──────── GIVEN RECORDS

Lemma in_seg0_sgz (c : nat) (w : int) : (c <= `|w|)%N -> in_seg0 (sgz w * c%:Z) w.
Proof. by rewrite /in_seg0; case: sgzP => w_sign; rewrite ?mul0r ?mul1r ?mulN1r; lia. Qed.

Lemma in_seg0_trans (R : realDomainType) (c t u : R) :
  in_seg0 c t -> in_seg0 t u -> in_seg0 c u.
Proof.
move=> ct /orP [] /andP [t_lo t_hi]; apply/orP; [left | right];
  by case/orP: ct => /andP [c_lo c_hi]; apply/andP; split; lra.
Qed.

Lemma in_seg0_intr (R : realDomainType) (c t : int) :
  in_seg0 (c%:~R : R) t%:~R = in_seg0 c t.
Proof. by rewrite /in_seg0 ler0z lerz0 !ler_int. Qed.

Lemma sum_minn_sub (D q k : nat) :
  (\sum_(l < k) minn D (q - l * D) = minn (k * D) q)%N.
Proof. by elim: k => [|k IH]; rewrite ?big_ord0 ?big_ord_recr /= ?IH; lia. Qed.

Definition chunk (D : nat) (q : int) (l : nat) : int := sgz q * (minn D (`|q| - l * D))%:Z.

Lemma chunk_bound D q l : (`|chunk D q l| <= D)%N.
Proof. by rewrite abszM; case: sgzP => _ /=; rewrite ?mul0n ?mul1n ?geq_minl. Qed.

Lemma sum_chunk D q k : (`|q| <= k * D)%N -> \sum_(l < k) chunk D q l = q.
Proof.
move=> q_le; rewrite -mulr_sumr; under eq_bigr do rewrite -natz.
by rewrite -natr_sum sum_minn_sub (minn_idPr q_le) natz -intEsg.
Qed.

Lemma card_ord_lt (L n : nat) : (n <= L)%N -> #|[set k : 'I_L | (k < n)%N]| = n.
Proof.
move=> nL; rewrite -sum1_card (eq_bigl (fun k : 'I_L => true && (k < n)%N)); last first.
  by move=> k; rewrite inE.
by rewrite -(big_ord_widen_cond L xpredT (fun _ => 1%N) nL) sum1_card card_ord.
Qed.

Lemma sum_copies (V : nmodType) (m L : nat) (P : 'I_m -> 'I_L -> bool) (c : V) i :
  \sum_(p | P p.1 p.2) (if p.1 == i then c else 0) = c *+ #|[set k | P i k]|.
Proof.
rewrite -(pair_big_dep xpredT P (fun i' _ => if i' == i then c else 0)) /=.
rewrite (bigD1 i) //= eqxx [X in _ + X]big1 ?addr0; last first.
  by move=> i' /negbTE ->; exact: big1.
by rewrite -sumr_const; apply: eq_bigl => k; rewrite inE.
Qed.

Section ConformalSubsum.
Variables (K : finType) (m D : nat) (a : K -> 'I_m -> int) (I : {set K}) (w : 'I_m -> int).
Hypotheses (a_bound : forall j i, j \in I -> (`|a j i| <= D)%N)
  (sum_near_w : forall i, (`|(\sum_(j in I) a j i - w i)%R| <= m * D)%N).

Local Notation L := (\max_i `|w i|).+1.
Local Notation T := ((K + 'I_m * 'I_L) + 'I_m)%type.

Definition conformal_vec (x : T) i : int :=
  match x with
  | inl (inl j) => a j i
  | inl (inr p) => if p.1 == i then - sgz (w i) else 0
  | inr l => - chunk D (\sum_(j in I) a j i - w i) l
  end.

Definition conformal_dom : {set T} :=
  [set x : T | match x with
               | inl (inl j) => j \in I
               | inl (inr p) => (p.2 < `|w p.1|)%N
               | inr _ => true
               end].

Definition chunk_set : {set T} := [set inr l | l : 'I_m].

Lemma sum_conformal_vec (X : {set T}) i :
  \sum_(x in X) conformal_vec x i =
    \sum_(j | inl (inl j) \in X) a j i - sgz (w i) *+ #|[set k | inl (inr (i, k)) \in X]|
    - \sum_(l | inr l \in X) chunk D (\sum_(j in I) a j i - w i) l.
Proof.
rewrite big_sumType big_sumType /= sumrN; congr (_ + _ - _).
rewrite (eq_bigl (fun p => inl (inr (p.1, p.2)) \in X)) => [| []//].
by rewrite (sum_copies (fun i' k => inl (inr (i', k)) \in X)) mulNrn.
Qed.

Lemma abs_w_lt i : (`|w i| < L)%N.
Proof. by rewrite ltnS (leq_bigmax (F := fun i => `|w i|%N)). Qed.

Lemma conformal_vec_bound x i : x \in conformal_dom -> (`|conformal_vec x i| <= D)%N.
Proof.
rewrite inE; case: x => [[j | [i' k]] | l] /= x_dom; first exact: a_bound.
  case: eqP => [<- | _] //; rewrite abszN.
  have w_neq0 : w i' != 0 by apply: contraTneq x_dom => ->.
  suff D_pos : (0 < D)%N by case: sgzP w_neq0 => //; rewrite eqxx.
  rewrite lt0n; apply: contra w_neq0 => /eqP D0; have := sum_near_w i'.
  rewrite D0 muln0 big1 ?sub0r => [| j jI]; last first.
    by apply/eqP; rewrite -absz_eq0 -leqn0 -D0 a_bound.
  by rewrite abszN leqn0 absz_eq0.
by rewrite abszN chunk_bound.
Qed.

Lemma conformal_vec_sum0 i : \sum_(x in conformal_dom) conformal_vec x i = 0.
Proof.
rewrite sum_conformal_vec (eq_bigl (mem I)) => [| j]; last by rewrite inE.
rewrite [X in _ - X](eq_bigl xpredT) => [| l]; last by rewrite inE.
rewrite sum_chunk // (eq_card (B := [set k : 'I_L | (k < `|w i|)%N])) => [|k].
  by rewrite card_ord_lt ?(ltnW (abs_w_lt i)) // -mulr_natr natz -intEsg; ring.
by rewrite !inE.
Qed.

Lemma card_chunk_set : #|chunk_set| = m.
Proof. by rewrite card_imset ?card_ord // => l l' []. Qed.

Lemma card_conformal_dom : (#|I| + m <= #|conformal_dom|)%N.
Proof.
pose IT : {set T} := [set inl (inl j) | j in I].
have IT_chunk : IT :&: chunk_set = set0.
  by apply/setP => x; rewrite !inE; apply/andP => -[/imsetP [j _ ->] /imsetP [l]].
have <- : #|IT :|: chunk_set| = (#|I| + m)%N.
  by rewrite cardsU IT_chunk cards0 subn0 card_chunk_set card_imset // => j j' [].
apply/subset_leq_card/subsetP => x.
by rewrite inE => /orP [/imsetP [j jI ->] | /imsetP [l _ ->]]; rewrite inE.
Qed.
Lemma prod_tup (x : 'M[R]_(n, k)) (a : asg n k) :
  (\prod_(j < k) \prod_(i in val (tup a) j) x i j)
   * \prod_(i in ~: \bigcup_(j < k) val (tup a) j) (1 - \sum_(j < k) x i j)
  = Wt x a.
Proof.
have -> : \prod_(j < k) \prod_(i in val (tup a) j) x i j =
          \prod_i (if a i is Some j then x i j else 1).
  transitivity (\prod_(j < k) \prod_i (if a i == Some j then x i j else 1)).
    apply: eq_bigr => j _; rewrite big_mkcond; apply: eq_bigr => i _.
    by rewrite /= ffunE inE.
  rewrite exchange_big; apply: eq_bigr => i _.
  case: (a i) => [j|]; last by rewrite big1.
  rewrite (bigD1 j) //= eqxx big1 ?mulr1 // => l lj.
  by case: eqP => // -[] jl; rewrite jl eqxx in lj.
have -> : \prod_(i in ~: \bigcup_(j < k) val (tup a) j) (1 - \sum_(j < k) x i j) =
          \prod_i (if a i is None then 1 - \sum_(j < k) x i j else 1).
  rewrite big_mkcond; apply: eq_bigr => i _; rewrite inE.
  have -> : (i \in \bigcup_(j < k) val (tup a) j) = (a i != None).
    apply/bigcupP/idP => [[j _]|]; first by rewrite /= ffunE inE => /eqP ->.
    by case ai: (a i) => [j|] // _; exists j => //; rewrite /= ffunE inE ai.
  by rewrite negbK; case: (a i).
rewrite -big_split; apply: eq_bigr => i _ /=.
by case: (a i) => [j|] /=; rewrite ?mulr1 ?mul1r.
Qed.

Lemma ML_eq : multilinear_ext f = ML gf.
Proof.
apply: funext => x.
rewrite /multilinear_ext /ML (reindex (@tup n k)) /=; last first.
  by exists (@asn n k) => b _; [rewrite tupK | rewrite asnK].
by apply: eq_bigr => a _; rewrite -mulrA prod_tup.
Qed.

────────────────

_TASK REQUIREMENTS_
Set down exactly the lines from the opening line of the material through the line in which "in_seg0 (c%:~R : R) t%:~R = in_seg0 c t." occurs, both included, and no other lines.

_COMPLETED TASK_
Lemma in_seg0_sgz (c : nat) (w : int) : (c <= `|w|)%N -> in_seg0 (sgz w * c%:Z) w.
Proof. by rewrite /in_seg0; case: sgzP => w_sign; rewrite ?mul0r ?mul1r ?mulN1r; lia. Qed.

Lemma in_seg0_trans (R : realDomainType) (c t u : R) :
  in_seg0 c t -> in_seg0 t u -> in_seg0 c u.
Proof.
move=> ct /orP [] /andP [t_lo t_hi]; apply/orP; [left | right];
  by case/orP: ct => /andP [c_lo c_hi]; apply/andP; split; lra.
Qed.

Lemma in_seg0_intr (R : realDomainType) (c t : int) :
  in_seg0 (c%:~R : R) t%:~R = in_seg0 c t.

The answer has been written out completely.